Structure and Function of the Bacterial Primosome

细菌初级体的结构和功能

• 批准号: 10205080
• 负责人: James L Keck
• 金额: $ 27.77万
• 依托单位: UNIVERSITY OF WISCONSIN-MADISON
• 依托单位国家: 美国
• 财政年份: 2012
• 资助国家: 美国
• 起止时间: 2012-09-30 至 2022-06-30
• 项目状态: 已结题
• 来源: https://reporter.nih.gov/project-details/10205080
• 关键词: Antibiotics; Bacteria; Binding Proteins; Biochemical Genetics; Biochemistry; Biological; Cells; Complex; Cryoelectron Microscopy; Crystallization; DNA; DNA Double Strand Break; DNA Repair; DNA Structure; DNA biosynthesis; DNA replication fork; Data; Disease; DnaB helicase; Ensure; Escherichia coli; Genes; Genetic; Genome; Genomics; Goals; Health; Human; Individual; Knowledge; Life; Link; Longevity; Maintenance; Malignant - descriptor; Malignant Neoplasms; Maps; Mediating; Molecular; Organism; Pathogenicity; Pathway interactions; Plague; Process; Proteins; Reaction; Regulation; Research; Role; Site; Structure; Translating; crosslink; design; experimental study; gene function; genetic approach; helicase; in vivo; premature; programs; protein complex; recombinational repair; repaired; structural biology; tumor

DNA replication restart pathways reload cellular DNA replication complexes onto replication forks that have been prematurely abandoned. These pathways form an essential link between DNA repair (often recombinational repair) and replication. The proteins that drive these reactions, referred to as the primosome or the Replication Restart Proteins, must recognize the structures of abandoned replication forks and reload the DNA replication machinery specifically at these sites. This process is heavily regulated to ensure loading fidelity and to avoid over-replication that could arise from initiating replication at improper DNA structures. In spite of the broad biological importance of this process, the mechanisms underlying DNA replication restart and its regulation remain poorly understood. Additionally, the mechanisms by which replication restart pathways are integrated with core cellular DNA repair processes are currently unknown. Our proposal combines structural, biochemical, and genetic approaches to define the mechanisms of DNA replication restart in complementary ways. Our first overall objective of this application is to determine the structural mechanisms that govern DNA replication restart, from recognition of abandoned DNA replication forks, to primosome assembly, and finally to reloading the first component of the DNA replication machinery. Aim 1 takes advantage of our preliminary data to define structural snapshots of each step in DNA replication restart. Our second goal is to systematically define the genetic mechanisms that support DNA replication restart. Aim 2 will identify the genes that coordinate double-strand DNA break repair with replication restart and will define circumstances under which the major replication restart pathways are utilized in cells. Additionally, the mechanisms underlying replication restart suppressors will be examined.
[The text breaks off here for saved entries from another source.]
Lemma iter_D1_hD13 s i j : (i + j <= d)%N ->
  iter s (@D1 K n) (hD13 i j) = (i ^_ s * (d - i - j + s) ^_ s)%:R *: hD13 (i - s) j.
Proof.
move=> ijd; elim: s => [|s IH] /=; first by rewrite mul1n scale1r subn0.
rewrite IH linearZ /= D1_hD13 scalerA -natrM -subnS; congr (_%:R *: _).
have [i_lt_s|s_le_i] := ltnP i s.
  by rewrite (ffact_small i_lt_s) (ffact_small (ltn_trans i_lt_s (ltnSn s))).
rewrite ffactnSr addnS ffactSS (_ : d.+1 - _ = (d - i - j + s).+1)%N; last by lia.
by ring.
Qed.

Lemma iter_D1_D3_hD13 s t i j : (i + j <= d)%N ->
  iter s (@D1 K n) (iter t (@D3 K n) (hD13 i j)) =
  (j ^_ t * (d - i - j + t) ^_ t * (i ^_ s * (d - i - (j - t) + s) ^_ s))%:R
    *: hD13 (i - s) (j - t).
Proof.
move=> ijd; rewrite iter_D3_hD13 // linearZ /= iter_D1_hD13; last by lia.
by rewrite scalerA -natrM.
Qed.

Lemma iter_D1_D3_hD13_eq0 s t i j : (i + j <= d)%N -> (i < s)%N || (j < t)%N ->
  iter s (@D1 K n) (iter t (@D3 K n) (hD13 i j)) = 0.
Proof.
move=> ijd /orP[i_lt_s|j_lt_t]; rewrite iter_D1_D3_hD13 //.
  by rewrite (ffact_small i_lt_s) mul0n muln0 scale0r.
by rewrite (ffact_small j_lt_t) !mul0n scale0r.
Qed.

Lemma iter_D1_D3_hD13_diag s t : (s + t <= d)%N ->
  exists2 k : K, k != 0 & iter s (@D1 K n) (iter t (@D3 K n) (hD13 s t)) = k *: a.
Proof.
move=> std; rewrite iter_D1_D3_hD13 // !subnn; eexists; last by [].
by rewrite natr_neq0 // !muln_gt0 !ffact_gt0; lia.
Qed.

Lemma a_neq0 : a != 0.
Proof. by apply: contraNneq hD1a_ord => ->; rewrite raddf0. Qed.

Lemma submod_iter_D1_D3 W s t p :
  submod W -> W p -> W (iter s (@D1 K n) (iter t (@D3 K n) p)).
Proof.
move=> [_ [_ [_ Wops]]] Wp.
have W_iter (X : KA -> KA) : (forall q, W q -> W (X q)) -> forall k q, W q -> W (iter k X q).
  by move=> WX; elim=> //= k IH q Wq; apply/WX/IH.
apply: (W_iter _ (fun q Wq => (Wops q Wq).1)).
exact: (W_iter _ (fun q Wq => (Wops q Wq).2.2.1)).
Qed.

Lemma submod_Bbar_a W : submod W -> (forall w, W w -> B w) ->
  forall w, W w -> w != 0 -> W a.
Proof.
move=> Wsub WB w Ww w_neq0; have [c w_def] := WB w Ww; have [_ [_ [WZ _]]] := Wsub.
pose P (x : 'I_d.+1 * 'I_d.+1) := (x.1 + x.2 <= d)%N && (c x.1 x.2 != 0).
have [x0 Px0] : exists x, P x.
  apply/existsP; apply: contraNT w_neq0 => /existsPn noP.
  rewrite w_def big1 // => i _; rewrite big1 // => j ijd.
  by move: (noP (i, j)); rewrite /P /= ijd negbK => /eqP->; rewrite scale0r.
have [[s t] /andP[/= std cst] st_max] :=
  arg_maxnP (fun x : 'I_d.+1 * 'I_d.+1 => (x.1 + x.2)%N) Px0.
pose T p := iter s (@D1 K n) (iter t (@D3 K n) p).
have [k k_neq0 T_st] := iter_D1_D3_hD13_diag std.
have Tw : T w = c s t *: (((d ^_ (s + t))%:R)^-1 *: (k *: a)).
  rewrite w_def /T !linear_sum /=.
  under eq_bigr do rewrite !linear_sum /=.
  under eq_bigr do under eq_bigr do rewrite !linearZ /=.
  rewrite (sum_triangle1 (G := fun i j => c i j *: (((d ^_ (i + j))%:R)^-1 *:
             iter s (@D1 K n) (iter t (@D3 K n) (hD13 i j)))) std) ?T_st //.
  move=> i j ijd ij_st; have [->|cij] := eqVneq (c i j) 0; first by rewrite scale0r.
  have i_lt : (i < d.+1)%N by lia.
  have j_lt : (j < d.+1)%N by lia.
  have := st_max (Ordinal i_lt, Ordinal j_lt); rewrite /P /= ijd cij => /(_ isT) ij_le.
  rewrite iter_D1_D3_hD13_eq0 ?scaler0 //.
  by move: ij_st ij_le; rewrite xpair_eqE negb_and => /orP[] /eqP; lia.
have -> : a = (c s t * ((d ^_ (s + t))%:R)^-1 * k)^-1 *: T w.
  rewrite Tw !scalerA -!mulrA mulVf ?scale1r //.
  by rewrite !mulf_neq0 ?invr_eq0 ?natr_neq0 ?ffact_gt0.
by apply/WZ; apply: submod_iter_D1_D3 Wsub Ww.
Qed.

Lemma irred_submod_Bbar : irred_submod B.
Proof.
split; first exact: submod_Bbar.
split; first by exists a; split; [exact: Bbar_hD13 0 0 | exact: a_neq0].
move=> W Wsub WB; case: (classic (exists w, W w /\ w != 0)) => [[w [Ww w_neq0]]|noW].
  by right; apply: submod_Bbar_sub Wsub (submod_Bbar_a Wsub WB Ww w_neq0).
by left => w Ww; have [//|w_neq0] := eqVneq w 0; case: noW; exists w.
Qed.

Definition hD13s := [seq hD13 x.1 x.2 | x : 'I_d.+1 * 'I_d.+1 <- enum {: 'I_d.+1 * 'I_d.+1}].
Definition borel_reducible {A B : Type} (dA : A -> A -> R) (dB : B -> B -> R)
  (X : (nat -> A) -> Prop) (E : (nat -> A) -> (nat -> A) -> Prop)
  (Y : (nat -> B) -> Prop) (F : (nat -> B) -> (nat -> B) -> Prop) : Prop :=
  exists f, borel_map dA dB X Y f /\
    forall x y, X x -> X y -> (E x y <-> F (f x) (f y)).

Definition borel_bireducible {A B : Type} (dA : A -> A -> R) (dB : B -> B -> R)
  (X : (nat -> A) -> Prop) (E : (nat -> A) -> (nat -> A) -> Prop)
  (Y : (nat -> B) -> Prop) (F : (nat -> B) -> (nat -> B) -> Prop) : Prop :=
  borel_reducible dA dB X E Y F /\ borel_reducible dB dA Y F X E.

Definition cube (a : nat -> R) : Prop := forall n, 0 <= a n <= 1.
Definition torusN (z : nat -> R * R) : Prop :=
  forall n, fst (z n) ^ 2 + snd (z n) ^ 2 = 1.

Definition cmul (z w : R * R) : R * R :=
  (fst z * fst w - snd z * snd w, fst z * snd w + snd z * fst w).
Definition cinv (w : R * R) : R * R :=
  let n := fst w ^ 2 + snd w ^ 2 in (fst w / n, - snd w / n).
Definition cexpi (t : R) : R * R := (cos t, sin t).

Definition c0 (a : nat -> R) : Prop := Un_cv a 0.
(** |x|^p with the convention 0^p = 0 (Rpower needs a positive base). *)
Definition rpow (x p : R) : R := if Req_EM_T x 0 then 0 else Rpower x p.
Definition lp (p : R) (a : nat -> R) : Prop :=
  exists l, infinite_sum (fun n => rpow (Rabs (a n)) p) l.

Definition cube_rel (S : (nat -> R) -> Prop) (a b : nat -> R) : Prop :=
  S (fun n => a n - b n).

Definition Gof (S : (nat -> R) -> Prop) (z : nat -> R * R) : Prop :=
  exists alpha, S alpha /\ forall n, z n = cexpi (alpha n).

Definition torus_rel (G : (nat -> R * R) -> Prop) (z w : nat -> R * R) : Prop :=
  G (fun n => cmul (z n) (cinv (w n))).

(* Both reductions are coordinatewise.  On [[0,1]^N], [x |-> (e^{i x_n})_n] works because for
   [|t| <= 1] the chord [|e^{it} - 1|] is comparable to [|t|], so [x - y] and the angles of
   [e^{ix}/e^{iy}] lie in the same ideal.  Conversely, a point of [T^N] is sent to the interleaving
   of its affinely rescaled real and imaginary parts; as [|z - w| = |z w^{-1} - 1|] on the circle,
   [z w^{-1}] has angles in the ideal iff [z - w] does.  Both maps are continuous, hence Borel, and
   the only properties of [c0] and [lp p] used are that they are solid (closed under domination by
   [C (|b| + |c|)]) and stable under interleaving and de-interleaving. *)

From Stdlib Require Import Reals Lra Lia Psatz.
Open Scope R_scope.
DNA复制重新启动途径将细胞DNA复制复制复合物重新复制到复制 过早废弃的叉子。这些途径在 DNA修复（通常是重组修复）和复制。驱动这些蛋白质的蛋白质 反应，称为原始体或复制重新启动蛋白质，必须识别 废弃复制叉的结构并重新加载DNA复制机械 特别是在这些站点。此过程受到严格的监管，以确保加载忠诚度和 避免因在不当DNA结构上启动复制而产生的过度复制。在 该过程的生物学重要性广泛，即DNA的基础机制 复制重新启动及其规定仍然很少理解。另外，该机制通过 哪些复制重新启动途径与核心细胞DNA修复过程集成在一起 目前未知。我们的建议结合了结构，生化和遗传方法 以互补的方式定义DNA复制的机制。我们的第一个整体 该应用的目的是确定控制DNA的结构机制 复制重新开始，从识别废弃的DNA复制叉到原始体 组装，最后重新加载DNA复制机制的第一个组件。目标1 利用我们的初步数据来定义DNA中每个步骤的结构快照 复制重新启动。我们的第二个目标是系统地定义 支持DNA复制重新启动。 AIM 2将识别协调双链DNA的基因 重新启动重新修复，并将定义专业的情况 复制重新启动途径用于细胞中。此外，机制 将检查复制重新启动抑制器。